Scientists create artificial stomach to understand digestion


Wednesday, 11 August, 2021

Scientists create artificial stomach to understand digestion

Researchers have built a prototype of an artificial stomach to better understand how gastric juices in the stomach break down ingested food and other substances.

The scientists hope the findings could help in the effort to fight obesity and enhance drug absorption.

Not much is known about how the complex flow patterns and mechanical stresses produced in the stomach contribute to digestion.

Researchers from France, Michigan and Switzerland built a prototype of an artificial antrum, or lower stomach, to present a deeper understanding of how physical forces influence food digestion based on fluid dynamics. In Physics of Fluids, by AIP Publishing, they reveal a classifying effect based on the break-up of liquid drops combined with transport phenomena derived from complementary computer simulations.

The science

The relevant parts of the stomach are the corpus, where food is stored; the antrum, where food is ground; and the pylorus, or pyloric sphincter, the tissue valve that connects to the small intestine. Slow-wave muscle contractions begin in the corpus, with wave speed and amplitude increasing to form the antral contraction waves (ACWs) as they spread towards the pylorus.

The researchers’ antrum device consists of a cylinder, capped at one end to imitate a closed pylorus, and a hollow piston that moves inside the cylinder to replicate ACWs. As verified through computer simulations and experimental measurements, the prototype produces the characteristics of retropulsive jet flow that exist in the antrum.

Food disintegration is quantified by determining the breakup of liquid drops in flow fields produced by ACWs. The researchers studied different model fluid systems with various viscosity to account for the broad physical properties of digested food. The drop size and other parameters resemble conditions in a real stomach.

Drop break-up occurred near the surface of the hollow piston, where the flow field exhibited slower velocities but higher strain rates, thus exposing the drop to higher shear stresses during a longer period.

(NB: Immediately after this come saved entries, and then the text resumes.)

(* Let $p$ be a prime, $m\ge1$, $s\ge0$ integers, $R^4=\mathbb{F}_{p^m}[u]/\langle u^4\rangle$, $f(x)\in\mathbb{F}_{p^m}[x]$ irreducible, $\omega(x)=f(x)^{p^s}$, $R^{4,\omega}=R^4[x]/\langle\omega(x)\rangle$, $R^{1,\omega}=\mathbb{F}_{p^m}[x]/\langle\omega(x)\rangle$. Let $a,t_1,t_2$ be integers with $0\le t_2<t_1<a\le p^s-1$ and let $h_1(x),h_2(x)\in R^{1,\omega}$ each be either $0$ or a unit of $R^{1,\omega}$. Let $L$ be the smallest non-negative integer such that $u^3f(x)^L\in\langle uf(x)^a+u^2f(x)^{t_1}h_1(x)+u^3f(x)^{t_2}h_2(x)\rangle$ (ideal of $R^{4,\omega}$). Then $$L=\begin{cases} a, & h_1=h_2=0,\\ \min\{a,\ p^s-a+t_2\}, & h_1=0,\ h_2\ne0,\\ \min\{a,\ p^s-2(a-t_1)\}, & h_1\ne0,\ h_2=0,\ a\le p^s-a+t_1,\\ t_1, & h_1\ne0,\ h_2=0,\ a\ge p^s-a+t_1,\\ \min\{a,\ p^s-a+t_1,\ \beta_1\}, & h_1\ne0,\ h_2\ne0,\ a\le p^s-a+t_1,\\ \min\{a,\ p^s+t_2-t_1,\ \beta_2\}, & h_1\ne0,\ h_2\ne0,\ a\ge p^s-a+t_1, \end{cases}$$ where $\beta_1=\max\{k: f(x)^k \text{ divides } f(x)^{p^s-a+t_2}h_2(x)-f(x)^{p^s-2a+2t_1}h_1(x)^2\}$ and $\beta_2=\max\{k: f(x)^k \text{ divides } f(x)^{t_1}h_1(x)-f(x)^{a+t_2-t_1}h_2(x)h_1(x)^{-1}\}$, divisibility being taken in $R^{1,\omega}$.
   Context: $R^{1,\omega}$ is identified with the subring of $R^{4,\omega}$ consisting of classes of polynomials over $\mathbb{F}_{p^m}$ (no $u$). *)

From HB Require Import structures.
From mathcomp Require Import all_boot all_order all_algebra all_field.
Set Implicit Arguments. Unset Strict Implicit. Unset Printing Implicit Defensive.
Import GRing.Theory.
Local Open Scope ring_scope.

(* Elements of R^{1,w} = F[x]/<w> are represented by polynomials of {poly F}
   (representatives); elements of R^{4,w} = (F[u]/<u^4>)[x]/<w>
   = F[x,u]/<u^4, w(x)> by bivariate polynomials {poly {poly F}}, where the
   OUTER variable 'X is u and the coefficients are polynomials in x. *)

Section Defs.
Variable F : fieldType.

Definition is_zero1 (w h : {poly F}) : Prop := w %| h.
Definition is_unit1 (w h : {poly F}) : Prop := exists v : {poly F}, w %| h * v - 1.
Definition divides1 (w d X : {poly F}) : Prop := exists c : {poly F}, w %| d * c - X.
(* Let $\{G_i\}_{i\in I}$ be a family of profinite-$C$ groups. Then the cartesian product $\mathrm{Cr}_{i\in I}\,G_i$ (with the product topology) is a profinite-$C$ group. As a consequence, the inverse limit of any inverse system of profinite-$C$ groups (with continuous homomorphisms) is a profinite-$C$ group.
   Context: A permutable complement of a subgroup $H$ of a group $G$ is a subgroup $K$ with $G=HK$ and $H\cap K=1$. A profinite group $G$ is a profinite-$C$ group if every closed subgroup of $G$ has a closed permutable complement in $G$. $\mathrm{Cr}_{i\in I}\,G_i$ denotes the full cartesian product. *)

From HB Require Import structures.
From mathcomp Require Import all_boot all_order all_algebra.
From mathcomp Require Import all_classical all_reals all_analysis.
Set Implicit Arguments. Unset Strict Implicit. Unset Printing Implicit Defensive.
Import Order.TTheory.
Local Open Scope classical_set_scope.

Definition topological_group (T : topologicalType)
  (mul : T -> T -> T) (inv : T -> T) (one : T) : Prop :=
  [/\ associative mul, left_id one mul, left_inverse one inv mul,
      continuous (fun p : T * T => mul p.1 p.2) & continuous inv].

Definition profinite_group (T : topologicalType)
  (mul : T -> T -> T) (inv : T -> T) (one : T) : Prop :=
  [/\ topological_group mul inv one, compact [set: T], hausdorff_space T
    & totally_disconnected [set: T]].

Definition is_subgroup (T : Type) (mul : T -> T -> T) (inv : T -> T) (one : T)
  (H : set T) : Prop :=
  [/\ H one, (forall x y, H x -> H y -> H (mul x y)) & (forall x, H x -> H (inv x))].

Definition permutable_complement (T : Type) (mul : T -> T -> T) (one : T)
  (H K : set T) : Prop :=
  (forall g, exists h k, [/\ H h, K k & g = mul h k]) /\ H `&` K = [set one].
Lemma is_JM_unsandwich (S rho : 'M[C]_n) (tau : X -> A -> 'M[C]_n) :
  psd S -> S *m S = rho -> S \in unitmx -> is_LHS tau rho ->
  is_JM (fun x a => invmx S *m tau x a *m invmx S).
Proof.
move=> S_psd SS S_unit [[_ [tau1 _]] [k [q [p [rl [q_ge0 [_ [p_cond [rl_dens tau_eq]]]]]]]]].
case: (pickP (xpredT : pred X)) => [x0 _|noX]; last by apply: is_JM_no_input => x; have := noX x.
set Si := invmx S.
have hSi : adjm Si = Si by rewrite adjmV psd_herm.
pose G l := (q l)%:C *: (Si *m rl l *m Si).
have G_psd l : psd (G l).
  by apply: psdZ => //; apply: psd_herm_congr => //; case: (rl_dens l).
have rho_eq : \sum_l (q l)%:C *: rl l = rho.
  rewrite -(tau1 x0) (eq_bigr _ (fun a _ => tau_eq x0 a)) exchange_big /=.
  apply: eq_bigr => l _; under eq_bigr do rewrite rmorphM -scalerA.
  by rewrite -scaler_sumr -scaler_suml -raddf_sum (proj2 p_cond) scale1r.
have G1 : \sum_l G l = 1%:M.
  by rewrite -sandwich_sum rho_eq -SS mulmxA mulVmx // mul1mx mulmxV.
have -> : (fun x a => Si *m tau x a *m Si) =
          (fun x a => \sum_l (p x l a)%:C *: G l).
  apply: funext => x; apply: funext => a; rewrite tau_eq sandwich_sum.
  by apply: eq_bigr => l _; rewrite /G scalerA -rmorphM mulrC.
exact: is_JM_mixture.
Qed.

Definition query_or_default (a0 : A) (x : X) (l : X * A) (a : A) : R :=
  if l.1 == x then (a == l.2)%:R else (a == a0)%:R.

Lemma cond_prob_query_or_default (a0 : A) : cond_prob (query_or_default a0).
Proof.
split=> [x l a|x l]; rewrite /query_or_default; first by case: ifP.
by case: (l.1 == x); [rewrite (bigD1 l.2) | rewrite (bigD1 a0)] => //=;
  rewrite eqxx big1 ?addr0 // => b /negbTE; rewrite eq_sym => ->.
Qed.

Lemma sum_query_or_default (B : X -> A -> 'M[C]_n) (a0 : A) (x : X) (a : A) :
  (forall y, \sum_b B y b = 1%:M) ->
  \sum_(l : X * A) (query_or_default a0 x l a)%:C *: B l.1 l.2 =
  B x a + (#|X|.-1)%:R%:C *: (((a == a0)%:R : R)%:C *: 1%:M).
Proof.
move=> B1; rewrite -(pair_bigA _ (fun y b => (query_or_default a0 x (y, b) a)%:C *: B y b)).
rewrite (bigD1 x) //= /query_or_default /= eqxx; congr (_ + _).
  rewrite (bigD1 a) //= eqxx scale1r big1 ?addr0 // => b ba.
  by rewrite eq_sym (negbTE ba) scale0r.
rewrite (eq_bigr (fun _ => ((a == a0)%:R : R)%:C *: 1%:M)).
  by rewrite sumr_const cardC1 -scaler_nat; congr (_ *: _); rewrite rmorph_nat.
by move=> y /negbTE yx; rewrite yx -scaler_sumr B1.
Qed.

End Assemblages.

Lemma mulmx_mix n (S T M N : 'M[C]_n) (c d : C) :
  S *m (c *: (M + d *: N)) *m T = c *: (S *m M *m T + d *: (S *m N *m T)).
Proof.
by rewrite -scalemxAr -scalemxAl mulmxDr mulmxDl -scalemxAr -scalemxAl.
Qed.

Definition IR_feasible n (X A : finType) (M : X -> A -> 'M[C]_n) (t : R) : Prop :=
  0 <= t /\ exists D' D : X -> A -> 'M[C]_n, is_JM D' /\ is_JM D /\
    forall x a, ((1 + t)^-1)%:C *: (M x a + t%:C *: D' x a) = D x a.

Definition SR_feasible n (X A : finType) (sig : X -> A -> 'M[C]_n)
    (rho : 'M[C]_n) (t : R) : Prop :=
  0 <= t /\ exists tau' tau : X -> A -> 'M[C]_n, is_LHS tau' rho /\ is_LHS tau rho /\
    forall x a, ((1 + t)^-1)%:C *: (sig x a + t%:C *: tau' x a) = tau x a.

Lemma inf_le_subset (E F : set R) :
  (exists t, E t) -> has_lbound F -> (forall t, E t -> F t) -> inf F <= inf E.
Proof.
by move=> E0 F_lb EF; apply: lb_le_inf E0 _ => t Et; exact: ge_inf F_lb _ (EF t Et).
Qed.

Section Feasibility.
Variables (n : nat) (X A : finType) (B : X -> A -> 'M[C]_n).

Lemma IR_feasible_sandwich rho t :
  density rho -> IR_feasible B t -> SR_feasible (sandwich rho B) rho t.
Proof.
move=> [rho_psd tr1] [t_ge0 [D' [D [D'_JM [D_JM D_eq]]]]].
have [S_psd SS] := psd_sqrtP rho_psd.
split=> //; exists (sandwich rho D'), (sandwich rho D).
split; first exact: is_LHS_sandwich.
split; first exact: is_LHS_sandwich.
by move=> x a; rewrite /sandwich -D_eq mulmx_mix.
Qed.

Lemma SR_feasible_unsandwich rho t : density rho -> \rank rho = n ->
  SR_feasible (sandwich rho B) rho t -> IR_feasible B t.
Proof.
move=> [rho_psd tr1] rho_rank [t_ge0 [tau' [tau [tau'_LHS [tau_LHS tau_eq]]]]].
have [S_psd SS] := psd_sqrtP rho_psd.
set S := psd_sqrt rho in S_psd SS tau_eq.
have S_unit : S \in unitmx.
  have : rho \in unitmx by rewrite -row_free_unit /row_free rho_rank.
  by rewrite -SS unitmx_mul => /andP[].
split=> //; exists (fun x a => invmx S *m tau' x a *m invmx S).
exists (fun x a => invmx S *m tau x a *m invmx S).
split; first exact: is_JM_unsandwich tau'_LHS.
split; first exact: is_JM_unsandwich tau_LHS.
move=> x a; rewrite -tau_eq mulmx_mix /sandwich -/S.
by rewrite !mulmxA mulVmx // mul1mx mulmxK.
Qed.

End Feasibility.

(* [B] mixed with [|X| - 1] copies of the trivial assemblage answering [a0] is
   [|X|] times the jointly measurable assemblage that measures [B_(.|y)] for a
   uniformly random input [y], reports its outcome if [y] is the actual input
   and answers [a0] otherwise ([query_or_default]). *)
Lemma IR_feasible_card n (X A : finType) (B : X -> A -> 'M[C]_n.+1) :
  is_MA B -> IR_feasible B (#|X|.-1)%:R.
Proof.
move=> [B_psd B1].
case: (pickP (xpredT : pred X)) => [x0 _|noX]; last first.
  have -> : #|X| = 0%N by apply: eq_card0.
  have {}noX : X -> False by move=> x; have := noX x.
  split=> //; exists B, B.
  by split; [|split]; [exact: is_JM_no_input.. | move=> x; case: (noX x)].
case: (pickP (xpredT : pred A)) => [a0 _|noA]; last first.
  move: (B1 x0); rewrite big_pred0 // => /matrixP/(_ 0 0)/eqP.
  by rewrite !mxE eqxx eq_sym oner_eq0.
pose m : R := #|X|%:R.
have m_gt0 : 0 < m by rewrite ltr0n; apply/card_gt0P; exists x0.
pose G (l : X * A) := (m^-1)%:C *: B l.1 l.2.
have G_psd l : psd (G l) by apply: psdZ; rewrite ?invr_ge0 ?ltW.
have G1 : \sum_l G l = 1%:M.
  rewrite -scaler_sumr -(pair_bigA _ B) (eq_bigr _ (fun y _ => B1 y)) sumr_const.
  rewrite -scaler_nat scalerA -(rmorph_nat (real_complex R)) -rmorphM mulVf.
    by rewrite (rmorph1 (real_complex R)) scale1r.
  exact: lt0r_neq0.
pose answer_a0 (x : X) (l : 'I_1) (a : A) := ((a == a0)%:R : R).
have answer_a0_cond : cond_prob answer_a0.
  split=> // x l; rewrite /answer_a0 (bigD1 a0) //= eqxx big1 ?addr0 //.
  by move=> a /negbTE ->.
split; first exact: ler0n.
exists (fun x a => \sum_(l < 1) (answer_a0 x l a)%:C *: 1%:M).
exists (fun x a => \sum_l (query_or_default a0 x l a)%:C *: G l).
split; first exact: (is_JM_mixture (fun _ => psd1 _) (big_ord1 _ _) answer_a0_cond).
split; first by apply: is_JM_mixture => //; exact: cond_prob_query_or_default.
have t1 : 1 + (#|X|.-1)%:R = m.
  by rewrite addrC natr1 prednK //; apply/card_gt0P; exists x0.
move=> x a; rewrite big_ord1 t1.
under eq_bigr do rewrite /G scalerA mulrC -scalerA.
by rewrite -scaler_sumr sum_query_or_default.
Qed.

No break-up occurred for drops near the centre of the piston, because the stresses and residence times are smaller and shorter.

“The results extracted from this simple prototype have deepened insights into the disintegration process that takes place in the stomach,” co-author Damien Dufour said. “Drops near the wall will break up as they are transported towards the pylorus. The drops in the centre return toward the corpus, without major size reduction, to disintegrate later. One may perceive this combined action of the ACWs as a classifying effect.”

How this could help

The human body is not able to synthesise all nutrients required to sustain its metabolism by itself. Food brings along essential micronutrients such as iron and iodine, which are extracted into the body through the intestine. The whole process of food from mouth to stomach is to successfully make the body function.

The study of nutritional science has progressed rapidly, and how these nutrients affect the body is relatively well understood. However, what remains unclear is the underlying mechanism of how these physical and chemical interactions occurring in the gastro-intestinal (GI) tract take place.

If scientists can understand the physical process of the stomach, they could make tailor-made foods designed to address these functional needs in addition to the nutritional ones.

This could assist with lowering obesity and make food more efficient. While the prototype is a start to these advancements, there is a long way to go.

The researchers hope to make modifications to the prototype to get further insight into the dispersing characteristics and food disintegration within the stomach.